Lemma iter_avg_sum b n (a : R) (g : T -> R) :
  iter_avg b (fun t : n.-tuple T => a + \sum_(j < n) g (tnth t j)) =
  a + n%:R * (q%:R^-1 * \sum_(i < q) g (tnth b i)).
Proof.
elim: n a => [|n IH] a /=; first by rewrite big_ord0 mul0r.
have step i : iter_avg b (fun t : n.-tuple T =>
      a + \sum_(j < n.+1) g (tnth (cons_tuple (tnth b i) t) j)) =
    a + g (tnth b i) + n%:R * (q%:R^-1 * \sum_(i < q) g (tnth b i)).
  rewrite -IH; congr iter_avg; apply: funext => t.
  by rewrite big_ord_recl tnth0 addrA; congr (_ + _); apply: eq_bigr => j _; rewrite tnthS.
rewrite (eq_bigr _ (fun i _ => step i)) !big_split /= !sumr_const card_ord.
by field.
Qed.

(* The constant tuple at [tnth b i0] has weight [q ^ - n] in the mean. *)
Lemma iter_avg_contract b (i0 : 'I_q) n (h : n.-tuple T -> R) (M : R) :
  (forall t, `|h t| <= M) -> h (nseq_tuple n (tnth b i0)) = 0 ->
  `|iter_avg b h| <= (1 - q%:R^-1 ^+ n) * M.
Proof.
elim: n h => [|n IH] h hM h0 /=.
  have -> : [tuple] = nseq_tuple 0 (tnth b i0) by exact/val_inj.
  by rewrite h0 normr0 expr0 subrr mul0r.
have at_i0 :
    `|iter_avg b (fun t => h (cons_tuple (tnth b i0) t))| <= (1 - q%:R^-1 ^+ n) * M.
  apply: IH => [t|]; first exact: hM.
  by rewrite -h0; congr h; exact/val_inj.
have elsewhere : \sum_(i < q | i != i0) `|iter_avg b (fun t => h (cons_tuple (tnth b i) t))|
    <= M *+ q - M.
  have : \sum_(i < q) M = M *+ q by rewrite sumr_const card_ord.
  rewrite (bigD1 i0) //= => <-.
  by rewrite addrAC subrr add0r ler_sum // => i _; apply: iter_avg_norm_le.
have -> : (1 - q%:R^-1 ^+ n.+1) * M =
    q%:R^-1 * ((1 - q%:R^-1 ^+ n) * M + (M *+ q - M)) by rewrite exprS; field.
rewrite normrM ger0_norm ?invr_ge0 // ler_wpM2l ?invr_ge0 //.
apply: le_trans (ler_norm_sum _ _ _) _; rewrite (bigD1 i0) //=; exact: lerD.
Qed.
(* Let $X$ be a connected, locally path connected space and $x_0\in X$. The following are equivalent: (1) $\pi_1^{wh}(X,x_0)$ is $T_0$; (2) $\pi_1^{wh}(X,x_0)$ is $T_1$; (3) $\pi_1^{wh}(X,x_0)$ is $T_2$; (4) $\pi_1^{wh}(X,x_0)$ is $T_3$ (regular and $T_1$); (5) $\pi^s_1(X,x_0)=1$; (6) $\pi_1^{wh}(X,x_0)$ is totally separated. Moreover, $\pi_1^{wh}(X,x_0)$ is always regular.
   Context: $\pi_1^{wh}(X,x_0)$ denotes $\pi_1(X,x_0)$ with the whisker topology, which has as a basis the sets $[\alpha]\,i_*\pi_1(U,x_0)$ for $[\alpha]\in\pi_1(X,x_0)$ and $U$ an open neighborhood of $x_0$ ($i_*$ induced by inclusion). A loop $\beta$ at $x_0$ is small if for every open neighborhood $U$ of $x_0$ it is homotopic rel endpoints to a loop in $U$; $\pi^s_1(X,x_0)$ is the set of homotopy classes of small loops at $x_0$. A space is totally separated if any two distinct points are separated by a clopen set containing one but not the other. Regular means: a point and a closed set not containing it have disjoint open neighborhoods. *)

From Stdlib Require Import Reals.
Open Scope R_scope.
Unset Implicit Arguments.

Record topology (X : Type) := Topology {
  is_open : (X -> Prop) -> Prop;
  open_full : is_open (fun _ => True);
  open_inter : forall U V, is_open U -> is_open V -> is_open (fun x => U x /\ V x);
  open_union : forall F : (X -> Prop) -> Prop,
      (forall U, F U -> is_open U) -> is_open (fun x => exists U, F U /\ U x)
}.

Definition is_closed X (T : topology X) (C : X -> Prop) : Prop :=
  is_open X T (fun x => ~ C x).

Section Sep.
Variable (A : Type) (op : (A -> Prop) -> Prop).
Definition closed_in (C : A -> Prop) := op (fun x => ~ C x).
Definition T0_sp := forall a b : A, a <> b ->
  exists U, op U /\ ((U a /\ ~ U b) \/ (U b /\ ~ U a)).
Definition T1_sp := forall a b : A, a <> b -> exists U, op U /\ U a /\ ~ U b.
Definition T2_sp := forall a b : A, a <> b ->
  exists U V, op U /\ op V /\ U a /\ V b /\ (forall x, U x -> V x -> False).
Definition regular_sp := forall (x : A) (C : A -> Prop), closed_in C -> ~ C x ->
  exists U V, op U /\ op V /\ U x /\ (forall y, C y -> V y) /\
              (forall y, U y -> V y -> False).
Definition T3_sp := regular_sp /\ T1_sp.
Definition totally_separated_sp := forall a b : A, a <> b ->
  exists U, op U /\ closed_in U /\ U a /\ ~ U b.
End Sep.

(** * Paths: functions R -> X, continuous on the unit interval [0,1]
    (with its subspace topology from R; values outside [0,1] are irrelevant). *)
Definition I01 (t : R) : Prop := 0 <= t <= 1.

+---+

Task goal:
What lines in the records contain the word "Lemma"? Return each one.

Written reply:
Lemma iter_avg_sum b n (a : R) (g : T -> R) :
Lemma iter_avg_contract b (i0 : 'I_q) n (h : n.-tuple T -> R) (M : R) :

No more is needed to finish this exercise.